(Dataset entries)

☆ ☆ ☆ ☆

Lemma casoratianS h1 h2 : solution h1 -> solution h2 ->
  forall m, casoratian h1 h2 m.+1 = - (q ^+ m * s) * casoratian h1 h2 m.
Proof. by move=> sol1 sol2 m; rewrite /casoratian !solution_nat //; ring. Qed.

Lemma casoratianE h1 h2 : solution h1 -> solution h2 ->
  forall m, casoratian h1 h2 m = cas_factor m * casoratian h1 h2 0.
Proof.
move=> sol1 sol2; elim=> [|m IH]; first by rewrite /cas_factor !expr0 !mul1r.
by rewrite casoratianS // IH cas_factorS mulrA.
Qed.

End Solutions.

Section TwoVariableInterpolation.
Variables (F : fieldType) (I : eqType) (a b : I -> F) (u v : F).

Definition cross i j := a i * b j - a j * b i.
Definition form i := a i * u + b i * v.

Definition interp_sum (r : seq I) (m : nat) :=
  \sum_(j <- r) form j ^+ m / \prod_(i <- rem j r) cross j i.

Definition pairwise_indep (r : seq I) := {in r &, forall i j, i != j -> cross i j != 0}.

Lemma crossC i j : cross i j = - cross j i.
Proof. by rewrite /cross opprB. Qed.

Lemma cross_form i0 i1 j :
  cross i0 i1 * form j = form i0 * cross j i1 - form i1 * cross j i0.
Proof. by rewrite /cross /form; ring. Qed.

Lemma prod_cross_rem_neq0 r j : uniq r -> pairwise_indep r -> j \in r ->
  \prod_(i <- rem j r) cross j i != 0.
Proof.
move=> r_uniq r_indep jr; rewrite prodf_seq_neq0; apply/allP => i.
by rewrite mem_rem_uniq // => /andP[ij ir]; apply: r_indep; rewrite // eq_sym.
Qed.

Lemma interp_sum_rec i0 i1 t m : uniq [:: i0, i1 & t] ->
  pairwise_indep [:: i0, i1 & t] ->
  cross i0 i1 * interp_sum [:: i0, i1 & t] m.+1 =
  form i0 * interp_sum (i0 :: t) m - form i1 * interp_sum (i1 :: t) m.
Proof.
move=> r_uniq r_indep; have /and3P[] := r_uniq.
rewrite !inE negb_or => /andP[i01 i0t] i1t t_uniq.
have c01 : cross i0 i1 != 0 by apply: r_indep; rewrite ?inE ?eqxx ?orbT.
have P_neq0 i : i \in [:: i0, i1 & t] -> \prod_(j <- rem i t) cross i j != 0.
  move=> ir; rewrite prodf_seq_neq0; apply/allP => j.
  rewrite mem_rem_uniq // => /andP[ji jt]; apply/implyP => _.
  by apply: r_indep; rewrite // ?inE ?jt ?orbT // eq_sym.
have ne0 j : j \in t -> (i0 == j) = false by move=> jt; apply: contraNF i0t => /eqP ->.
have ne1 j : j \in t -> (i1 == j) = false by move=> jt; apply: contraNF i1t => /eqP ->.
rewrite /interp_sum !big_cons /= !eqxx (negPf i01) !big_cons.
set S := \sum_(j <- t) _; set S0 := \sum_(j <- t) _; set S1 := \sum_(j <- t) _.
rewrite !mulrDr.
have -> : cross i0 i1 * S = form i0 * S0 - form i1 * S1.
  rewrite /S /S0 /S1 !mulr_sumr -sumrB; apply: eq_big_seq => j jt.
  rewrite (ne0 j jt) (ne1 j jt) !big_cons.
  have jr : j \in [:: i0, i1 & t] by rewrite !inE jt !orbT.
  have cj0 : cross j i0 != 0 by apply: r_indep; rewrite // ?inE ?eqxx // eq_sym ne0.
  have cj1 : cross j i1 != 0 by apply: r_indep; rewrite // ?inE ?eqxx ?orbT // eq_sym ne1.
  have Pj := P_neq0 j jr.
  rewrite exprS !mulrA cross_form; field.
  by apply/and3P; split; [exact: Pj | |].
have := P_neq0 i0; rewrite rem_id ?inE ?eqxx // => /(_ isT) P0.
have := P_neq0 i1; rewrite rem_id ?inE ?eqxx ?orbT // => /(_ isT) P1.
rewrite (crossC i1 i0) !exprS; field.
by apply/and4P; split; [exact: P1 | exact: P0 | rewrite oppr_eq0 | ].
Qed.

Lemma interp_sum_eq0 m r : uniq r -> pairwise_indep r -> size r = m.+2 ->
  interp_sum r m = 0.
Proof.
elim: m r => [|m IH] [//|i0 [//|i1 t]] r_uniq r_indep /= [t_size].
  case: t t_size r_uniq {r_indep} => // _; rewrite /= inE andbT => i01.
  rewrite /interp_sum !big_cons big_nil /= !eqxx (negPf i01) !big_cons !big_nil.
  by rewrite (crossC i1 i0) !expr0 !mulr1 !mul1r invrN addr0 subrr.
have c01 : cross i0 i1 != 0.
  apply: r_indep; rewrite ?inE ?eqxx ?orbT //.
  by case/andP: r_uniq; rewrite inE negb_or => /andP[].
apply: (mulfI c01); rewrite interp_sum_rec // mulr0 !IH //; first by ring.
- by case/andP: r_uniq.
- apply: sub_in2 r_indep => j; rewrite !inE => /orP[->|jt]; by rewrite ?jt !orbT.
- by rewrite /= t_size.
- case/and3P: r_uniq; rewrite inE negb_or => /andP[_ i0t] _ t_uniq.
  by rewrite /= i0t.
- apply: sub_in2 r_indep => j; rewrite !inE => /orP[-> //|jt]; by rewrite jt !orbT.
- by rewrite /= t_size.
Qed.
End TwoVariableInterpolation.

☆ ☆ ☆ ☆

**TASK GOAL:** Could you restate word for word the lines above, from the one that contains "rewrite (ne0 j jt) (ne1 j jt) !big_cons." through the one that contains "have cj1 : cross", and no others?

**SOLUTION FOR THIS TASK:**
  rewrite (ne0 j jt) (ne1 j jt) !big_cons.
  have jr : j \in [:: i0, i1 & t] by rewrite !inE jt !orbT.
  have cj0 : cross j i0 != 0 by apply: r_indep; rewrite // ?inE ?eqxx // eq_sym ne0.
  have cj1 : cross j i1 != 0 by apply: r_indep; rewrite // ?inE ?eqxx ?orbT // eq_sym ne1.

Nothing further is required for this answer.